Collected data entries
(* Let $\mathbf{X}^{(1)}$ and $\mathbf{X}^{(2)}$ be $p$-variate random vectors with absolutely continuous distributions (populations $\Pi^{(1)}$, $\Pi^{(2)}$, with prior probabilities $\pi_1,\pi_2$), fix a unit vector $\mathbf{u}\in\mathbb{R}^p$, and let $Q_Z^{(k)}(\theta;\mathbf{u})$ be the $\theta$-quantile of $Z^{(k)}=\mathbf{u}^{\top}\mathbf{X}^{(k)}$. For $\theta\in(0,1)$ let $Q_{\alpha}(\theta;\mathbf{u})=\min_k Q_Z^{(k)}(\theta;\mathbf{u})$ and $Q_{\beta}(\theta;\mathbf{u})=\max_k Q_Z^{(k)}(\theta;\mathbf{u})$, with $G_\alpha,g_\alpha,\pi_\alpha$ (resp. $G_\beta,g_\beta,\pi_\beta$) the distribution function, density and prior probability of the population attaining the minimum (resp. maximum), and let $\tilde Q(\theta;\mathbf{u})=\theta Q_\alpha(\theta;\mathbf{u})+(1-\theta)Q_\beta(\theta;\mathbf{u})$. Assume that the density functions $g_\alpha(z;\mathbf{u})$ and $g_\beta(z;\mathbf{u})$ exist and are nonzero on the same compact domain $\mathcal{Z}$. Further assume that there is a point $z_0$ with $\pi_\alpha g_\alpha(z_0;\mathbf{u})=\pi_\beta g_\beta(z_0;\mathbf{u})$ such that $\pi_\alpha g_\alpha(z;\mathbf{u})>\pi_\beta g_\beta(z;\mathbf{u})$ for $z$ on one side of $z_0$ and $\pi_\alpha g_\alpha(z;\mathbf{u})<\pi_\beta g_\beta(z;\mathbf{u})$ for $z$ on the other side of $z_0$. Then the directional quantile classifier using the quantile $\tilde Q(\theta;\mathbf{u})$ with $\theta$ chosen to minimise the theoretical misclassification probability $$1-\psi(\theta)=\pi_\alpha\{1-G_\alpha(\tilde Q(\theta;\mathbf{u});\mathbf{u})\}+\pi_\beta G_\beta(\tilde Q(\theta;\mathbf{u});\mathbf{u})$$ achieves the optimal Bayes misclassification probability (for classifying on the basis of the projected observation).
   Context: The directional quantile classifier at level $\theta$ and direction $\mathbf{u}$ assigns $\mathbf{y}$ to $\Pi^{(1)}$ if $\Phi^{(2)}(\theta;\mathbf{u}^{\top}\mathbf{y})-\Phi^{(1)}(\theta;\mathbf{u}^{\top}\mathbf{y})>0$ and to $\Pi^{(2)}$ otherwise, where $\Phi^{(k)}(\theta;z)=\{\theta+(1-2\theta)I(z-Q_Z^{(k)}(\theta;\mathbf{u})<0)\}\,|z-Q_Z^{(k)}(\theta;\mathbf{u})|$; equivalently it assigns $z=\mathbf{u}^{\top}\mathbf{y}$ to the population attaining $Q_\alpha$ when $z<\tilde Q(\theta;\mathbf{u})$ and to the other population otherwise, and $1-\psi(\theta)$ is its misclassification probability. *)

From HB Require Import structures.
From mathcomp Require Import all_boot all_order all_algebra.
From mathcomp Require Import all_classical all_reals all_analysis.
Set Implicit Arguments. Unset Strict Implicit. Unset Printing Implicit Defensive.
Import Order.TTheory GRing.Theory Num.Theory.
Local Open Scope classical_set_scope.
Local Open Scope ring_scope.

Definition proj_obs {R : realType} {T : Type} (p : nat) (u : 'rV[R]_p)
  (X : 'I_p -> T -> R) : T -> R :=
  fun t => \sum_(i < p) u ord0 i * X i t.

Definition distr_fun {R : realType} {d} {T : measurableType d} (P : probability T R)
  (Z : T -> R) (z : R) : R := fine (P [set t | Z t <= z]).

Definition quantile {R : realType} (G : R -> R) (theta : R) : R :=
  inf [set z | theta <= G z].

Definition Qtilde {R : realType} (G1 G2 : R -> R) (theta : R) : R :=
  let q1 := quantile G1 theta in let q2 := quantile G2 theta in
  theta * Num.min q1 q2 + (1 - theta) * Num.max q1 q2.

(* Theoretical misclassification probability 1 - psi(theta) of the directional
   quantile classifier:
     pi_alpha (1 - G_alpha(Qt)) + pi_beta G_beta(Qt),
   where alpha is the population attaining the minimal theta-quantile
   (ties broken in favour of population 1). *)
Definition dq_misclass {R : realType} (pi1 pi2 : R) (G1 G2 : R -> R)
  (theta : R) : R :=
  let Qt := Qtilde G1 G2 theta in
  if quantile G1 theta <= quantile G2 theta
  then pi1 * (1 - G1 Qt) + pi2 * G2 Qt
  else pi2 * (1 - G2 Qt) + pi1 * G1 Qt.

(* Optimal Bayes misclassification probability for classifying on the basis of
   the projected observation z: infimum, over all (Borel) classification
   regions A (assign z to Pi^(1) iff z \in A), of
     pi1 P(Z^(1) \notin A) + pi2 P(Z^(2) \in A). *)
Definition bayes_misclass {R : realType} {d1 d2}
  {T1 : measurableType d1} {T2 : measurableType d2}
  (pi1 pi2 : R) (P1 : probability T1 R) (Z1 : T1 -> R)
  (P2 : probability T2 R) (Z2 : T2 -> R) : R :=
  inf [set r | exists A : set R, measurable A /\
     r = pi1 * fine (P1 (Z1 @^-1` (~` A))) + pi2 * fine (P2 (Z2 @^-1` A))].

From HB Require Import structures.
From mathcomp Require Import all_boot all_order all_algebra.
From mathcomp Require Import all_classical all_reals all_analysis.
From mathcomp Require Import measurable_realfun lra.
Set Implicit Arguments.
Unset Strict Implicit.
Unset Printing Implicit Defensive.
Import Order.TTheory GRing.Theory Num.Theory numFieldNormedType.Exports.
Local Open Scope classical_set_scope.
Local Open Scope ring_scope.

(* Both projected distribution functions are continuous and strictly
   increasing on the common support [a, b], so each theta-quantile is the
   unique root of G_k(q) = theta and depends continuously on theta.  A region
   on which pi1 g1 >= pi2 g2, and off which the reverse holds, minimises
   pi1 P(Z1 \notin A) + pi2 P(Z2 \in A) over all Borel A; under the
   single-crossing hypothesis the half-line cut at z0, or its complement, is
   such a region.  The quantile classifier at level theta misclassifies
   exactly like the half-line cut at Qtilde(theta); Qtilde is continuous, below
   z0 for small theta and above z0 for theta close to 1, so the intermediate
   value theorem yields a theta with Qtilde(theta) = z0.  At that theta the
   population whose weighted density dominates left of z0 has the smaller
   quantile: otherwise comparing weighted lower tails at one quantile and
   weighted upper tails at the other would give both pi_k > pi_l and
   pi_k < pi_l. *)

Section Rintegral_compare.
Context {R : realType}.
Local Notation mu := (@lebesgue_measure R).

Lemma integral_itv_gt0 (f : R -> R) (x y : R) : x < y ->
  measurable_fun [set` `]x, y[] f -> (forall z, x < z < y -> 0 < f z) ->
  (0 < \int[mu]_(z in `]x, y[) (f z)%:E)%E.
Proof.
move=> xy mf f_gt0.
have f_ge0 z : [set` `]x, y[] z -> (0 <= (f z)%:E)%E.
  by rewrite /= in_itv /= lee_fin => /f_gt0/ltW.
rewrite lt0e integral_ge0 // andbT; apply/eqP => int0.
have [N [mN N0 fN]] : ae_eq mu [set` `]x, y[] (EFin \o f) (cst 0%E).
  have [+ _] := ae_eq_integral_abs mu (measurable_itv `]x, y[)
    ((measurable_EFinP _ _).2 mf).
  apply; rewrite -int0; apply: eq_integral => z /set_mem xyz /=.
  by rewrite ger0_norm // -lee_fin f_ge0.
have : (mu `]x, y[ <= mu N)%E.
  apply: le_measure; rewrite ?inE // => z xyz; apply: fN => /(_ xyz) /=.
  by move: xyz; rewrite /= in_itv /= => /f_gt0; rewrite -lte_fin => /gt_eqF/eqP.
rewrite N0 lebesgue_measure_itv /= lte_fin xy -EFinB lee_fin subr_le0.
by rewrite leNgt xy.
Qed.

Lemma Rintegral_gt0 (f : R -> R) (D : set R) (x y : R) :
  measurable D -> mu.-integrable D (EFin \o f) ->
  (forall z, D z -> 0 <= f z) -> `]x, y[ `<=` D -> x < y ->
  (forall z, x < z < y -> 0 < f z) ->
  0 < \int[mu]_(z in D) f z.
Proof.
move=> mD intf f_ge0 sD xy f_gt0.
have mf : measurable_fun D f by apply/measurable_EFinP; case/integrableP: intf.
have int_xy_gt0 := integral_itv_gt0 xy (measurable_funS mD sD mf) f_gt0.
have /fin_numPlt/andP[_ int_lty] := @integrable_fin_num _ _ _ mu D mD _ intf.
rewrite /Rintegral fine_gt0 // int_lty andbT (lt_le_trans int_xy_gt0) //.
by apply: ge0_subset_integral => //; exact/measurable_EFinP.
Qed.

Lemma integrable_scale (k : R) (f : R -> R) (D : set R) :
  measurable D -> mu.-integrable D (EFin \o f) ->
  mu.-integrable D (EFin \o (fun z => k * f z)).
Proof.
move=> mD intf; have := integrableZl _ k intf.
by move=> /(_ mD); apply: eq_integrable.
Qed.

Lemma ler_Rintegral_scale (k1 k2 : R) (f1 f2 : R -> R) (D : set R) :
  measurable D -> mu.-integrable D (EFin \o f1) ->
  mu.-integrable D (EFin \o f2) ->
  (forall z, D z -> k1 * f1 z <= k2 * f2 z) ->
  k1 * \int[mu]_(z in D) f1 z <= k2 * \int[mu]_(z in D) f2 z.
Proof.
move=> mD int1 int2 f12; rewrite -!RintegralZl //.
by apply: le_Rintegral => //; exact: integrable_scale.
Qed.

Lemma ltr_Rintegral_scale (k1 k2 : R) (f1 f2 : R -> R) (D : set R) (x y : R) :
  measurable D -> mu.-integrable D (EFin \o f1) ->
  mu.-integrable D (EFin \o f2) ->
  (forall z, D z -> k1 * f1 z <= k2 * f2 z) -> `]x, y[ `<=` D -> x < y ->
  (forall z, x < z < y -> k1 * f1 z < k2 * f2 z) ->
  k1 * \int[mu]_(z in D) f1 z < k2 * \int[mu]_(z in D) f2 z.
Proof.
move=> mD int1 int2 f12 sD xy f12_lt.
have intk1 := integrable_scale k1 mD int1.
have intk2 := integrable_scale k2 mD int2.
rewrite -subr_gt0 -!RintegralZl // -RintegralB //.
apply: (Rintegral_gt0 mD _ _ sD xy).
- have := integrableB _ intk2 intk1.
  by move=> /(_ mD); apply: eq_integrable => // z _ /=; rewrite EFinB.
- by move=> z /f12; rewrite subr_ge0.
- by move=> z /f12_lt; rewrite subr_gt0.
Qed.

Lemma Rintegral_setIC (f : R -> R) (S B : set R) :
  measurable S -> measurable B -> mu.-integrable S (EFin \o f) ->
  \int[mu]_(z in S) f z =
  \int[mu]_(z in S `&` B) f z + \int[mu]_(z in S `&` ~` B) f z.
Proof.
move=> mS mB intf; rewrite -Rintegral_setU.
- by rewrite -setIUr setUCr setIT.
- exact: measurableI.
- exact: measurableI mS (measurableC mB).
- by rewrite -setIUr setUCr setIT.
- by rewrite disj_set2E setIACA setICr setI0.
Qed.

End Rintegral_compare.

Section quantile.
Context {R : realType}.

Lemma mem_lbound_inf (E : set R) (x : R) : E x -> lbound E x -> inf E = x.
Proof.
move=> Ex lbx; apply/eqP; rewrite eq_le; apply/andP; split.
  by apply: (ge_inf _ Ex); exists x.
by apply: lb_le_inf => //; exists x.
Qed.

Lemma quantile_eq (G : R -> R) (t x : R) :
  G x = t -> (forall z, z < x -> G z < t) -> quantile G t = x.
Proof.
move=> Gx G_lt; apply: mem_lbound_inf => [|y /= tGy]; first by rewrite /= Gx.
by rewrite leNgt; apply/negP => /G_lt; rewrite ltNge tGy.
Qed.

Lemma Qtilde_ge_min (G1 G2 : R -> R) (t : R) : 0 <= t -> t <= 1 ->
  Num.min (quantile G1 t) (quantile G2 t) <= Qtilde G1 G2 t.
Proof.
move=> t_ge0 t_le1; rewrite /Qtilde minEle maxEle.
by case: (leP (quantile G1 t)) => q12; nra.
Qed.

Lemma Qtilde_le_max (G1 G2 : R -> R) (t : R) : 0 <= t -> t <= 1 ->
  Qtilde G1 G2 t <= Num.max (quantile G1 t) (quantile G2 t).
Proof.
move=> t_ge0 t_le1; rewrite /Qtilde minEle maxEle.
by case: (leP (quantile G1 t)) => q12; nra.
Qed.

Lemma QtildeC (G1 G2 : R -> R) : Qtilde G1 G2 = Qtilde G2 G1.
Proof. by apply/funext => t; rewrite /Qtilde minC maxC. Qed.

Lemma Qtilde_continuous (G1 G2 : R -> R) (A : set R) :
  {within A, continuous (quantile G1)} ->
  {within A, continuous (quantile G2)} ->
  {within A, continuous (Qtilde G1 G2)}.
Proof.
move=> cq1 cq2 t.
have cid : {within A, continuous id}.
  by apply: continuous_subspaceT => s; exact: cvg_id.
have c1 : {within A, continuous (cst (1 : R))}.
  by apply: continuous_subspaceT => s; exact: cvg_cst.
exact: (continuousD (continuousM (cid t) (continuous_min (cq1 t) (cq2 t)))
  (continuousM (continuousB (c1 t) (cid t)) (continuous_max (cq1 t) (cq2 t)))).
Qed.

End quantile.

Section density.
Context {R : realType}.
Local Notation mu := (@lebesgue_measure R).

Definition density_on (g : R -> R) (a b : R) : Prop :=
  [/\ a < b, measurable_fun setT g, (forall z, a <= z <= b -> 0 < g z),
      (forall z, ~ (a <= z <= b) -> g z = 0) &
      (\int[mu]_(z in setT) (g z)%:E = 1)%E].

Definition density_cdf (g : R -> R) (z : R) : R :=
  \int[mu]_(t in [set` `]-oo, z]]) g t.

Variables (g : R -> R) (a b : R).
Hypothesis dg : density_on g a b.

Lemma density_eq0 z : ~ (a <= z <= b) -> g z = 0.
Proof. by case: dg => _ _ _ + _; apply. Qed.

Lemma density_ge0 z : 0 <= g z.
Proof.
have [_ _ g_gt0 _ _] := dg.
have [/g_gt0/ltW //|/negP zab] := boolP (a <= z <= b).
by rewrite density_eq0.
Qed.

Lemma density_integrable D : measurable D -> mu.-integrable D (EFin \o g).
Proof.
move=> mD; case: dg => _ mg _ _ g1; apply/integrableP; split.
  apply/measurable_EFinP.
  exact: (measurable_funS measurableT (@subsetT _ _) mg).
apply: (@le_lt_trans _ _ (\int[mu]_(z in setT) (g z)%:E)%E).
  2: by rewrite g1 ltey.
under eq_integral do rewrite /= ger0_norm ?density_ge0 //.
apply: ge0_subset_integral => //; first exact/measurable_EFinP.
by move=> z _; rewrite lee_fin density_ge0.
Qed.

Lemma density_setT : \int[mu]_(z in setT) g z = 1.
Proof. by case: dg => _ _ _ _ g1; rewrite /Rintegral g1. Qed.

Lemma density_setC A : measurable A ->
  \int[mu]_(z in ~` A) g z = 1 - \int[mu]_(z in A) g z.
Proof.
move=> mA; rewrite -density_setT -(setUCr A) Rintegral_setU //.
- by rewrite [X in X - _]addrC addrK.
- exact: measurableC.
- by rewrite setUCr; exact: density_integrable.
- by rewrite disj_set2E setICr.
Qed.

Lemma density_setI_support D :
  \int[mu]_(z in D) g z = \int[mu]_(z in D `&` [set` `[a, b]]) g z.
Proof.
rewrite Rintegral_mkcondr; apply: eq_Rintegral => z _.
rewrite patchE; case: ifPn => // /negP zab; rewrite density_eq0 //.
by move=> zab'; apply: zab; rewrite inE /= in_itv.
Qed.

Lemma density_cdf_itv z : a <= z <= b ->
  density_cdf g z = \int[mu]_(t in [set` `[a, z]]) g t.
Proof.
move=> /andP[az zb]; rewrite /density_cdf density_setI_support; congr Rintegral.
apply/seteqP; split => w /=; rewrite !in_itv /=.
  by case=> wz /andP[aw _]; rewrite aw wz.
by move=> /andP[aw wz]; rewrite aw wz (le_trans wz zb).
Qed.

**The task**
Write out exactly the lines above between the line with "y[ <= mu N)%E." and the line with "Lemma ler_Rintegral_scale (k1", inclusive, and nothing beyond them.

**Your solution**
have : (mu `]x, y[ <= mu N)%E.
  apply: le_measure; rewrite ?inE // => z xyz; apply: fN => /(_ xyz) /=.
  by move: xyz; rewrite /= in_itv /= => /f_gt0; rewrite -lte_fin => /gt_eqF/eqP.
rewrite N0 lebesgue_measure_itv /= lte_fin xy -EFinB lee_fin subr_le0.
by rewrite leNgt xy.
Qed.

Lemma Rintegral_gt0 (f : R -> R) (D : set R) (x y : R) :
  measurable D -> mu.-integrable D (EFin \o f) ->
  (forall z, D z -> 0 <= f z) -> `]x, y[ `<=` D -> x < y ->
  (forall z, x < z < y -> 0 < f z) ->
  0 < \int[mu]_(z in D) f z.
Proof.
move=> mD intf f_ge0 sD xy f_gt0.
have mf : measurable_fun D f by apply/measurable_EFinP; case/integrableP: intf.
have int_xy_gt0 := integral_itv_gt0 xy (measurable_funS mD sD mf) f_gt0.
have /fin_numPlt/andP[_ int_lty] := @integrable_fin_num _ _ _ mu D mD _ intf.
rewrite /Rintegral fine_gt0 // int_lty andbT (lt_le_trans int_xy_gt0) //.
by apply: ge0_subset_integral => //; exact/measurable_EFinP.
Qed.

Lemma integrable_scale (k : R) (f : R -> R) (D : set R) :
  measurable D -> mu.-integrable D (EFin \o f) ->
  mu.-integrable D (EFin \o (fun z => k * f z)).
Proof.
move=> mD intf; have := integrableZl _ k intf.
by move=> /(_ mD); apply: eq_integrable.
Qed.

Lemma ler_Rintegral_scale (k1 k2 : R) (f1 f2 : R -> R) (D : set R) :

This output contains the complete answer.